The Vanishing of Ethan Carter | Stories of a missing child
The Vanishing of Ethan Carter | Stories of a missing child

The Vanishing of Ethan Carter | Stories of a missing child

Posted on 28 May, 2021

Game designer

Art Director

Adrian Chmielarz
More Info

Lead Composer

Mikołaj Stroiński

Publishing Year

Type of game



Ethan’s letter started out just like any other fan mail, but soon there were mentions of things no little boy should know about.

An old railway through a dark tunnel, a bluish portal, and a muddy forest trail. Grass and branches swinging in the gentle wind. Paul Prospero, a supernatural detective, receives a letter with a strange call for help from a missing child by the name of Ethan Carter. His latest case begins here.

Red Creek Valley and the joy of exploring

The Vanishing of Ethan Carter was developed by The Astronauts and released in September 2014. It is a first-person mystery game with thriller and horror elements. The player takes the role of Paul Prospero, a supernatural detective investigating among the mountains of a fictional location in Wisconsin, the Red Creek Valley. The game is the debut project of the Polish indie developers, yet it proves to be technically impeccable.
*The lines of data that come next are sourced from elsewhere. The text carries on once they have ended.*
(* Let $G$ be an $s$ clique-uniform graph of order $n$ with respect to a clique partition $F$ with $|F|=k$, and let $P_G$ be its clique partition graph. (i) If $k<n$, then $\mathcal E(P_G)\le\mathcal E(\mathcal Q_F)+\frac{2ks}{n}-2s$. (ii) If $k>n$, then $\mathcal E(P_G)\ge\mathcal E(\mathcal Q_F)+\frac{2ks}{n}-2s$. (iii) If $k=n$, then $\mathcal E(P_G)=\mathcal E(\mathcal Q_F)$.
   Context: All graphs are finite and simple, $V(G)=\{1,\dots,n\}$. A clique partition of $G$ is a set $F=\{C_1,\dots,C_k\}$ of cliques such that every edge lies in exactly one $C_j$; $G$ is $s$ clique-uniform if $|C_j|=s$ for all $j$. $\mathcal M_F$ is the $n\times k$ $(0,1)$-matrix with $(i,j)$-entry $1$ iff $i\in C_j$, and $\mathcal Q_F=\mathcal M_F\mathcal M_F^T$. The clique-degree $t_i^F$ is the number of cliques of $F$ containing $i$. $\mathcal E(\mathcal Q_F)=\sum_{i=1}^n|\lambda_i(\mathcal Q_F)-\bar t|$ with $\bar t=\frac1n\sum_i t_i^F$. The clique partition graph $P_G$ has vertex set $\{1,\dots,k\}$ with $i\ne j$ adjacent iff $C_i\cap C_j\ne\emptyset$, and $\mathcal E(P_G)$ is the sum of absolute values of its adjacency eigenvalues. *)

(* Eigenvalues are taken in algC (algebraically closed),
   as the roots with multiplicity of the characteristic polynomial. *)
From HB Require Import structures.
From mathcomp Require Import all_boot all_order all_algebra all_field.
Set Implicit Arguments. Unset Strict Implicit. Unset Printing Implicit Defensive.
Import Order.TTheory GRing.Theory Num.Theory.
Local Open Scope ring_scope.

Definition simple_graph (n : nat) (e : rel 'I_n) : Prop :=
  symmetric e /\ irreflexive e.

Definition is_clique (n : nat) (e : rel 'I_n) (C : {set 'I_n}) : Prop :=
  forall x y, x \in C -> y \in C -> x != y -> e x y.

(* F = {C_1,...,C_k} given by an injective enumeration C : 'I_k -> {set 'I_n}. *)
Definition clique_partition (n k : nat) (e : rel 'I_n)
  (C : 'I_k -> {set 'I_n}) : Prop :=
  injective C /\ (forall j, is_clique e (C j)) /\
  (forall x y, e x y -> exists! j, x \in C j /\ y \in C j).

Definition clique_uniform (n k s : nat) (C : 'I_k -> {set 'I_n}) : Prop :=
  forall j, #|C j| = s.

Definition incM (n k : nat) (C : 'I_k -> {set 'I_n}) : 'M[algC]_(n, k) :=
  \matrix_(i < n, j < k) ((i \in C j)%:R).

Definition QF (n k : nat) (C : 'I_k -> {set 'I_n}) : 'M[algC]_n :=
  incM C *m (incM C)^T.

Definition clique_degree (n k : nat) (C : 'I_k -> {set 'I_n}) (i : 'I_n) : nat :=
  #|[set j | i \in C j]|.

Definition tbar (n k : nat) (C : 'I_k -> {set 'I_n}) : algC :=
  (\sum_(i < n) clique_degree C i)%:R / n%:R.

Definition PG_adj (n k : nat) (C : 'I_k -> {set 'I_n}) : 'M[algC]_k :=
  \matrix_(i < k, j < k) ((i != j) && (C i :&: C j != set0))%:R.

Lemma char_poly_splits (m : nat) (A : 'M[algC]_m) :
  exists r : seq algC, char_poly A == \prod_(z <- r) ('X - z%:P).
Proof.
have [r Hr] := closed_field_poly_normal (char_poly A).
exists r; apply/eqP; rewrite {1}Hr (monicP (char_poly_monic A)) scale1r //.
Qed.

Definition eigs (m : nat) (A : 'M[algC]_m) : seq algC := xchoose (char_poly_splits A).

Definition energy_shift (m : nat) (A : 'M[algC]_m) (c : algC) : algC :=
  \sum_(l <- eigs A) `|l - c|.

Definition graph_energy (m : nat) (A : 'M[algC]_m) : algC := energy_shift A 0.

From HB Require Import structures.
From mathcomp Require Import all_boot all_order all_algebra all_field.
From mathcomp Require Import ring.
Set Implicit Arguments. Unset Strict Implicit. Unset Printing Implicit Defensive.
Import Order.TTheory GRing.Theory Num.Theory.
Local Open Scope ring_scope.
Local Open Scope sesquilinear_scope.

(* With M the n x k vertex-clique incidence matrix, Q_F = M M^T, while
   M^T M = A(P_G) + s I because two distinct cliques of a partition share at
   most one vertex.  The spectra of M M^T and M^T M agree up to |n - k| zeros,
   both are nonnegative, and both traces equal ks; so the eigenvalues of M^T M
   have mean s, those of Q_F have mean t = ks/n, E(P_G) = sum |lambda - s| and
   E(Q_F) = sum |mu - t|.  Moving the centre of a sum of distances from a up to
   b costs at most b - a per term, and 2(b - a) less as soon as some term is
   at least b, which happens when b is the mean.  Applied with b the larger of
   s and t this gives (i) and (ii); for k = n the spectra agree and s = t. *)

Lemma comp_XsubC (R : comNzRingType) (a c : R) :
  ('X - a%:P) \Po ('X - c%:P) = 'X - (a + c)%:P.
Proof. by rewrite comp_polyB comp_polyX comp_polyC polyCD opprD addrA addrAC. Qed.

Lemma char_poly_add_scalar (R : comNzRingType) m (A : 'M[R]_m) c :
  char_poly (A + c%:M) = char_poly A \Po ('X - c%:P).
Proof.
rewrite /char_poly -det_map_mx; congr (\det _); apply/matrixP => i j; rewrite !mxE.
have [->|ne] := eqVneq i j.
  by rewrite /= !mulr1n comp_XsubC.
by rewrite /= !mulr0n addr0 !sub0r raddfN /= comp_polyC.
Qed.

Lemma char_poly_mulmxC (R : comNzRingType) n k (M : 'M[R]_(n, k)) (N : 'M[R]_(k, n)) :
  'X^k * char_poly (M *m N) = 'X^n * char_poly (N *m M).
Proof.
pose Mp := map_mx polyC M; pose Np := map_mx polyC N.
pose L := block_mx ('X%:M : 'M_n) Mp Np (1%:M : 'M_k).
have detL : \det L = char_poly (M *m N).
  have -> : L = block_mx ('X%:M - Mp *m Np) Mp 0 1%:M *m block_mx 1%:M 0 Np 1%:M.
    by rewrite mulmx_block !mulmx0 !mulmx1 !mul1mx !add0r subrK.
  rewrite (@det_mulmx {poly R}) det_ublock det_lblock !det1 !mulr1.
  by rewrite /char_poly /char_poly_mx map_mxM.
have : block_mx (1%:M : 'M_n) 0 0 ('X%:M : 'M_k) *m L =
    block_mx 1%:M 0 Np 1%:M *m block_mx ('X%:M) Mp 0 ('X%:M - Np *m Mp).
  rewrite !mulmx_block !mulmx0 !mul0mx !mulmx1 !mul1mx !add0r !addr0.
  by rewrite mul_mx_scalar mul_scalar_mx addrC subrK.
move/(congr1 determinant).
rewrite !det_mulmx det_ublock det_lblock !det_ublock !det1 !det_scalar !mul1r detL.
by rewrite /char_poly /char_poly_mx !map_mxM.
Qed.

Lemma eigsP m (A : 'M[algC]_m) : char_poly A = \prod_(z <- eigs A) ('X - z%:P).
Proof. exact/eqP/(xchooseP (char_poly_splits A)). Qed.

Lemma size_eigs m (A : 'M[algC]_m) : size (eigs A) = m.
Proof. by have := size_char_poly A; rewrite eigsP size_prod_XsubC => -[]. Qed.

Lemma sum_eigs m (A : 'M[algC]_m) : \sum_(x <- eigs A) x = \tr A.
Proof.
case: m A => [|m] A; first by rewrite (size0nil (size_eigs A)) big_nil /mxtrace big_ord0.
have := @coefPn_prod_XsubC _ (eigs A); rewrite -eigsP size_eigs char_poly_trace //.
by move=> /(_ isT) /oppr_inj.
Qed.

Lemma eigs_add_scalar m (A : 'M[algC]_m) (c : algC) :
  perm_eq (eigs (A + c%:M)) [seq x + c | x <- eigs A].
Proof.
apply: prod_XsubC_eq; rewrite -eigsP char_poly_add_scalar eigsP rmorph_prod big_map.
by apply: eq_bigr => x _; rewrite /= comp_XsubC.
Qed.

Lemma eigs_mulmxC n k (M : 'M[algC]_(n, k)) (N : 'M[algC]_(k, n)) :
  perm_eq (eigs (M *m N) ++ nseq k 0) (eigs (N *m M) ++ nseq n 0).
Proof.
have prod_X0 p : \prod_(z <- nseq p (0 : algC)) ('X - z%:P) = 'X^p.
  by rewrite big_nseq subr0 iter_mulr_1.
apply: prod_XsubC_eq; rewrite !big_cat /= !prod_X0 -!eigsP.
by rewrite mulrC char_poly_mulmxC mulrC.
Qed.

Lemma big_eigs_mulmxC (V : nmodType) (f : algC -> V) n k
    (M : 'M[algC]_(n, k)) (N : 'M[algC]_(k, n)) :
  \sum_(x <- eigs (M *m N)) f x + f 0 *+ k = \sum_(x <- eigs (N *m M)) f x + f 0 *+ n.
Proof.
have := perm_big (x := 0 : V) (op := +%R) _ (eigs_mulmxC M N) (P := xpredT) (F := f).
by rewrite !big_cat /= !big_nseq !iter_addr_0.
Qed.

Lemma eigs_conjT_mulmx_ge0 n k (N : 'M[algC]_(n, k)) x :
  x \in eigs (N^t* *m N) -> 0 <= x.
Proof.
rewrite -root_prod_XsubC -eigsP -eigenvalue_root_char => /eigenvalueP [v vNN v_neq0].
have : dotmx (v *m N^t*) (v *m N^t*) = x * dotmx v v.
  by rewrite !dotmxE trmx_mul map_mxM trmxCK mulmxA -(mulmxA v) vNN -scalemxAl mxE.
move/(congr1 (fun y => y / dotmx v v)); rewrite mulfK ?dnorm_eq0 // => <-.
by rewrite divr_ge0 ?dnorm_ge0.
Qed.

Section SumDistances.
Variable R : numDomainType.
Implicit Types (r : seq R) (a b : R).

Lemma has_ge_mean r b : {in r, forall x, x \is Num.real} -> b \is Num.real ->
  (0 < size r)%N -> \sum_(x <- r) x = b *+ size r -> exists2 x, x \in r & b <= x.
Proof.
move=> rR bR r_gt0 sum_r; apply/hasP; apply/negPn/negP => /hasPn r_lt_b.
have : \sum_(x <- r) x < \sum_(x <- r) b.
  rewrite big_seq [ltRHS]big_seq ltr_sum //; last first.
    by move=> x xr; rewrite real_ltNge ?(rR x xr) ?(r_lt_b x xr).
  by case: r {rR sum_r r_lt_b} r_gt0 => //= x r _; rewrite mem_head.
by rewrite sum_r big_const_seq count_predT iter_addr_0 ltxx.
Qed.

Lemma sum_dist_shift_le r a b x0 : x0 \in r -> a <= b -> b <= x0 ->
  \sum_(x <- r) `|x - b| + (b - a) *+ 2 <= \sum_(x <- r) `|x - a| + (b - a) *+ size r.
Proof.
move=> x0r le_ab le_bx0; have ba_ge0 : 0 <= b - a by rewrite subr_ge0.
have dist_le x : `|x - b| <= `|x - a| + (b - a).
  by rewrite -(ger0_norm ba_ge0) [`|b - a|]distrC ler_distD.
have -> : (b - a) *+ size r = \sum_(x <- r) (b - a).
  by rewrite big_const_seq count_predT iter_addr_0.
rewrite -big_split /= !(perm_big _ (perm_to_rem x0r)) /= !big_cons addrAC.
rewrite lerD ?ler_sum // !ger0_norm ?subr_ge0 ?(le_trans le_ab) //.
by rewrite mulr2n addrA subrKA.
Qed.

Lemma sum_dist_mean_shift_le r a b :
  {in r, forall x, x \is Num.real} -> b \is Num.real ->
  (0 < size r)%N -> \sum_(x <- r) x = b *+ size r -> a <= b ->
  \sum_(x <- r) `|x - b| + (b - a) *+ 2 <= \sum_(x <- r) `|x - a| + (b - a) *+ size r.
Proof.
move=> rR bR r_gt0 sum_r le_ab; have [x0 x0r le_bx0] := has_ge_mean rR bR r_gt0 sum_r.
exact: sum_dist_shift_le x0r le_ab le_bx0.
Qed.

End SumDistances.

Section CliquePartition.
Variables (n k s : nat) (e : rel 'I_n) (C : 'I_k -> {set 'I_n}).
Hypotheses (HF : clique_partition e C) (Hu : clique_uniform s C).

Local Notation M := (incM C).

Lemma incM_conjT : M^t* = M^T.
Proof. by apply/matrixP => i j; rewrite !mxE rmorph_nat. Qed.

Lemma gram_incM_entry i j : (M^T *m M) i j = #|C i :&: C j|%:R.
Proof.
rewrite mxE -sum1_card natr_sum [RHS]big_mkcond; apply: eq_bigr => v _.
by rewrite !mxE -natrM mulnb !inE; case: (_ && _).
Qed.

Lemma QF_diag i : QF C i i = (clique_degree C i)%:R.
Proof.
rewrite mxE /clique_degree -sum1_card natr_sum [RHS]big_mkcond; apply: eq_bigr => j _.
by rewrite !mxE -natrM mulnb andbb inE; case: (_ \in _).
Qed.

Lemma card_clique_meet_le1 i j : i != j -> (#|C i :&: C j| <= 1)%N.
Proof.
have [_ [Ccl Cuniq]] := HF; move=> ij; rewrite leqNgt.
apply/card_gt1P => -[x [y [+ + xy]]]; rewrite !inE => /andP[xi xj] /andP[yi yj].
have [l [_ l_uniq]] := Cuniq x y (Ccl i x y xi yi xy).
by move: ij; rewrite -(l_uniq i (conj xi yi)) -(l_uniq j (conj xj yj)) eqxx.
Qed.

Lemma gram_incM_PG_adj : M^T *m M = PG_adj C + s%:R%:M.
Proof.
apply/matrixP => i j; rewrite gram_incM_entry !mxE.
have [<-|ij] := eqVneq i; first by rewrite /= add0r mulr1n setIid Hu.
rewrite /= mulr0n addr0; have := card_clique_meet_le1 ij.
by rewrite -cards_eq0; case: #|_| => [|[|]].
Qed.

Lemma mxtrace_gram_incM : \tr (M^T *m M) = (k * s)%:R.
Proof.
rewrite /mxtrace (eq_bigr (fun=> s%:R)) => [|i _]; last by rewrite gram_incM_entry setIid Hu.
by rewrite sumr_const card_ord natrM mulr_natl.
Qed.

Lemma tbar_uniform : tbar C = (k * s)%:R / n%:R.
Proof.
rewrite /tbar -mxtrace_gram_incM -mxtrace_mulC /mxtrace natr_sum.
by congr (_ / _); apply: eq_bigr => i _; rewrite QF_diag.
Qed.

Lemma graph_energy_PG_adj :
  graph_energy (PG_adj C) = \sum_(x <- eigs (M^T *m M)) `|x - s%:R|.
Proof.
rewrite gram_incM_PG_adj (perm_big _ (eigs_add_scalar _ _)) big_map.
by apply: eq_bigr => x _; rewrite addrK subr0.
Qed.

Lemma sum_dist_eigs_QF d :
  \sum_(y <- eigs (QF C)) `|y - d| + `|d| *+ k
  = \sum_(x <- eigs (M^T *m M)) `|x - d| + `|d| *+ n.
Proof. by have := big_eigs_mulmxC (fun x => `|x - d|) M M^T; rewrite sub0r normrN. Qed.

Lemma eigs_gram_incM_ge0 x : x \in eigs (M^T *m M) -> 0 <= x.
Proof. by rewrite -incM_conjT; apply: eigs_conjT_mulmx_ge0. Qed.

Lemma eigs_QF_ge0 y : y \in eigs (QF C) -> 0 <= y.
Proof.
have -> : QF C = (M^T)^t* *m M^T by rewrite -map_trmx incM_conjT trmxK.
exact: eigs_conjT_mulmx_ge0.
Qed.

Lemma sum_eigs_gram_incM : \sum_(x <- eigs (M^T *m M)) x = s%:R *+ k.
Proof. by rewrite sum_eigs mxtrace_gram_incM natrM mulr_natl. Qed.

Lemma tbar_mulrn : (0 < n)%N -> tbar C *+ n = s%:R *+ k.
Proof.
move=> n_gt0; rewrite tbar_uniform -[LHS]mulr_natr divfK ?pnatr_eq0 -?lt0n //.
by rewrite natrM mulr_natl.
Qed.

Lemma sum_eigs_QF : (0 < n)%N -> \sum_(y <- eigs (QF C)) y = tbar C *+ n.
Proof. by move=> n_gt0; rewrite tbar_mulrn // -sum_eigs_gram_incM !sum_eigs mxtrace_mulC. Qed.

Local Notation EP := (graph_energy (PG_adj C)).
Local Notation EQ := (energy_shift (QF C) (tbar C)).

Lemma graph_energy_PG_adj_le :
  (0 < k)%N -> (k < n)%N -> EP <= EQ + (tbar C - s%:R) *+ 2.
Proof.
move=> k_gt0 lt_kn; have n_gt0 := ltn_trans k_gt0 lt_kn.
have t_ge0 : 0 <= tbar C by rewrite tbar_uniform divr_ge0 ?ler0n.
have le_ts : tbar C <= s%:R.
  rewrite tbar_uniform ler_pdivrMr ?ltr0n // -natrM ler_nat mulnC.
  by rewrite leq_mul2l ltnW ?orbT.
have := @sum_dist_mean_shift_le _ (eigs (M^T *m M)) (tbar C) s%:R.
rewrite size_eigs sum_eigs_gram_incM -graph_energy_PG_adj.
move=> /(_ (fun x xr => ger0_real (eigs_gram_incM_ge0 xr)) (realn _ _) k_gt0 erefl le_ts).
have : \sum_(x <- eigs (M^T *m M)) `|x - tbar C| + (s%:R - tbar C) *+ k = EQ.
  have := sum_dist_eigs_QF (tbar C); rewrite ger0_norm // tbar_mulrn // => E.
  by rewrite mulrnBl addrA -E addrK.
by move=> ->; rewrite -lerBrDr -mulNrn opprB.
Qed.

Lemma graph_energy_PG_adj_ge : (n < k)%N -> EQ + (tbar C - s%:R) *+ 2 <= EP.
Proof.
move=> lt_nk; have EP_ge0 : 0 <= EP by apply: sumr_ge0 => x _.
have [n0|n_gt0] := posnP n.
  (* Q_F is then empty, and tbar C = 0 because x / 0 = 0. *)
  have -> : EQ = 0.
    by rewrite /energy_shift (size0nil (etrans (size_eigs _) n0)) big_nil.
  have -> : tbar C = 0 by rewrite tbar_uniform n0 invr0 mulr0.
  by rewrite add0r sub0r mulNrn (le_trans _ EP_ge0) // oppr_le0 mulrn_wge0.
have le_st : s%:R <= tbar C.
  rewrite tbar_uniform ler_pdivlMr ?ltr0n // -natrM ler_nat.
  by rewrite mulnC leq_mul2r ltnW ?orbT.
have := @sum_dist_mean_shift_le _ (eigs (QF C)) s%:R (tbar C).
rewrite size_eigs sum_eigs_QF //.
move=> /(_ (fun y yr => ger0_real (eigs_QF_ge0 yr)) (ger0_real (le_trans (ler0n _ _) le_st))).
move=> /(_ n_gt0 erefl le_st).
have : \sum_(y <- eigs (QF C)) `|y - s%:R| + (tbar C - s%:R) *+ n = EP.
  have := sum_dist_eigs_QF s%:R; rewrite normr_nat -graph_energy_PG_adj => E.
  by rewrite mulrnBl tbar_mulrn // addrA E addrK.
by move=> ->.
Qed.

Lemma graph_energy_PG_adj_eq : (0 < k)%N -> k = n -> EP = EQ.
Proof.
move=> k_gt0 kn; have t_s : tbar C = s%:R.
  by rewrite tbar_uniform -kn mulnC natrM mulfK ?pnatr_eq0 -?lt0n.
have := sum_dist_eigs_QF s%:R; rewrite normr_nat -graph_energy_PG_adj => E.
apply: (addIr (s%:R *+ k)); rewrite /energy_shift t_s E.
by rewrite {1}(_ : s%:R *+ k = s%:R *+ n) ?kn.
Qed.

End CliquePartition.

Theorem mainTheorem11 (n k s : nat) (e : rel 'I_n) (C : 'I_k -> {set 'I_n})
  (He : simple_graph e) (HF : clique_partition e C) (Hu : clique_uniform s C)
  (Hk : (0 < k)%N) :
  let EP := graph_energy (PG_adj C) in
  let EQ := energy_shift (QF C) (tbar C) in
  let c := (2 * k * s)%:R / n%:R - (2 * s)%:R in
  ((k < n)%N -> EP <= EQ + c) /\
  ((n < k)%N -> EP >= EQ + c) /\
  (k = n -> EP = EQ).
Proof.
move=> EP EQ c; have -> : c = (tbar C - s%:R) *+ 2.
  by rewrite /c (tbar_uniform Hu) -mulnA !natrM; ring.
split; first exact: graph_energy_PG_adj_le HF Hu Hk.
split; first exact: graph_energy_PG_adj_ge HF Hu.
exact: graph_energy_PG_adj_eq HF Hu Hk.
Qed.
The creators manage to capture mood with both remarkable graphic detail and visual impact. From the look of a river through wide grassy fields to the crack on a rock on the side of a trail, everything is extremely polished. The Astronauts used photogrammetry, a 3D-modeling technique with which to create photorealistic environmental assets from high-resolution photos taken in the real world; Star Wars Battlefront and Hellblade: Senua’s Sacrifice are two other examples of games whereby it was used.

It’s a delight to explore the game world thanks to the game’s attention to detail. In addition, lighting cues and a disquieting soundtrack help create a twisted atmosphere. Both in style and aesthetic, the game is reminiscent of other first-person adventure games like What Remains of Edith Finch, Dear Esther or Everybody’s Gone to the Rapture. Loading screens are completely absent from the game as well: from beginning to end the player takes a long, uninterrupted walk through the Red Creek Valley.

On the trail of a missing kid on the other side of reality

When the police won’t help you, and the priests don’t believe you, you call on Paul Prospero. You call on me.

The game shows its supernatural side from the very beginning of the story. The inspiration from characters like Dylan Dog and Martin Mystère is clear, but from the first case, the player understands that Paul has something more: psychic powers. The protagonist runs through a series of hand-crafted traps hidden by dry leaves. Clue after clue, the detective recreates the scene, thus being able to see what happened thanks to his magical abilities.

The clues in the game appear as a series of little blue lights on the ground. When the player interacts with these clues, still, frozen visions of a moment in time that occurred during the crime appear. It is the detective’s job to rearrange the pieces of the puzzle to find the truth. As the game progresses, a disturbing situation is slowly revealed. The player finds crime scenes with bodies, bloody objects, and macabre rites. The perpetrators of these crimes are always the Carters. The pleasant Red Creek Valley that now frames the horrific events now seems increasingly desolate and motionless.

Images courtesy of The Astronauts/Press Area

“The Magician”, “SAP” and other stories

During the game, Paul finds several short stories written by Ethan Carter as crumbled pieces of paper. Initially they seem like regular collectibles, but as the case unfolds their importance appears more clear. During the past dialogues that Paul can perceive, the Carter family frequently orders Ethan to stop leaving these stories lying around.

Ethan has grown up in a hostile environment where every type of creative thinking was suppressed. The art of Ethan has become his refuge, a melancholic, fairy-tail reflection of reality. “SAP” tells the story of an old man in the woods, quenching his thirst with tree sap. Another story is about a magician who makes potions that allow him to see the future. In both cases they turn out to be a fantastical interpretation of Ethan’s reality, as confirmed by clippings of newspaper articles found nearby. The old man represents Ethan’s grandfather and his drinking problem, while the magician is actually Ethan’s uncle, who ran a distillery producing and smuggling alcohol.

Images courtesy of The Astronauts/Press Area

Ethan and the value of art

This is the behavior that underlines the life of an artist. Exorcising the pain in an environment where he feels an alien by creating another one with his art. At the end of the adventure, the player understands Ethan’s cry for help. The profound need to find someone to understand and free him. Detective Paul Prospero, wandering around the Red Creek Valley, investigating him, studying his stories, is the first person who appreciates Ethan Carter for who he really was, without fear or incomprehension. The only thing an artist needs.